Give again, word for word, every line in the entries below from the line with "Definition phi_plus (phi" up to and including the line with "ereal_sup [set ((phi_plus", and no other line.

▶ **Study material**:
-*-
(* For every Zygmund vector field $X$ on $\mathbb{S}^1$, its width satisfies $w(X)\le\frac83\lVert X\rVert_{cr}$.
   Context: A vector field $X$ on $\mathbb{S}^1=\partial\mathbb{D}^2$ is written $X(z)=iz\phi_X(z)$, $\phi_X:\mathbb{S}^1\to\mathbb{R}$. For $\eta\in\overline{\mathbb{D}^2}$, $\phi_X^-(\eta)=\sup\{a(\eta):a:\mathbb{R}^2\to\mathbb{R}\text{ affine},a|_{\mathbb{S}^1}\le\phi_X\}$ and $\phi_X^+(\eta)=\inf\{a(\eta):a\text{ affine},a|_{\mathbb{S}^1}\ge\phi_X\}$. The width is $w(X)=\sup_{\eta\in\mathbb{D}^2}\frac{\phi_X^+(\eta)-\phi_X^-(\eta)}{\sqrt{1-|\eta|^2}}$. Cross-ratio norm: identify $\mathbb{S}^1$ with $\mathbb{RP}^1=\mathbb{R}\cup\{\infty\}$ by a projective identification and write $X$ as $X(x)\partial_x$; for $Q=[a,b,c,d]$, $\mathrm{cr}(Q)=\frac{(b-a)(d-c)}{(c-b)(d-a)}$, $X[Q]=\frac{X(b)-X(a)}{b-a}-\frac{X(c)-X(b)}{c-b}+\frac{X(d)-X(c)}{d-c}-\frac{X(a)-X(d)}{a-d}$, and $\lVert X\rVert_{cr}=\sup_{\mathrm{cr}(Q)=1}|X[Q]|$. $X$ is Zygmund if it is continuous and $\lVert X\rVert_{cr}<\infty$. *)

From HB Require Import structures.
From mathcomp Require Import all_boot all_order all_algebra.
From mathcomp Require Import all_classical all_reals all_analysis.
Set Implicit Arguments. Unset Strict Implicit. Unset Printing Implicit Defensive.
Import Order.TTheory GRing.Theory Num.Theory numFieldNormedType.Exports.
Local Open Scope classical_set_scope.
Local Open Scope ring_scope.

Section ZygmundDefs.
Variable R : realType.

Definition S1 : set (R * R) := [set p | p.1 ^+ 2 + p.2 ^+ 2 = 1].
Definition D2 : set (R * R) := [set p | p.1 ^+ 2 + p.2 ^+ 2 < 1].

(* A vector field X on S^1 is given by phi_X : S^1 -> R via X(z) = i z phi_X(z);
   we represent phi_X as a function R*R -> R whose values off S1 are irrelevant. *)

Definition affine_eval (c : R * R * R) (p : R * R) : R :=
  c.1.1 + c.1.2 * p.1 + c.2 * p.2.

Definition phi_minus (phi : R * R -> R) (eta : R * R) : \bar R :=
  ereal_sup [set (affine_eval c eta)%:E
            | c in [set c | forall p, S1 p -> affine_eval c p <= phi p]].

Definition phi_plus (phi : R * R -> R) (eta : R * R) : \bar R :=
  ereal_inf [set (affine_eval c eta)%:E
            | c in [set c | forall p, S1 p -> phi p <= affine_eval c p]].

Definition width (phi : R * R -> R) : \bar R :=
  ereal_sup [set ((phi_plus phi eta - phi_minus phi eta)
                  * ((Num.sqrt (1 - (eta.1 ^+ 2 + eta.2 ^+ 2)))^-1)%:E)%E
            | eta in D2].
-*-
▶ **Written response**:
Definition phi_plus (phi : R * R -> R) (eta : R * R) : \bar R :=
  ereal_inf [set (affine_eval c eta)%:E
            | c in [set c | forall p, S1 p -> phi p <= affine_eval c p]].

Definition width (phi : R * R -> R) : \bar R :=
  ereal_sup [set ((phi_plus phi eta - phi_minus phi eta)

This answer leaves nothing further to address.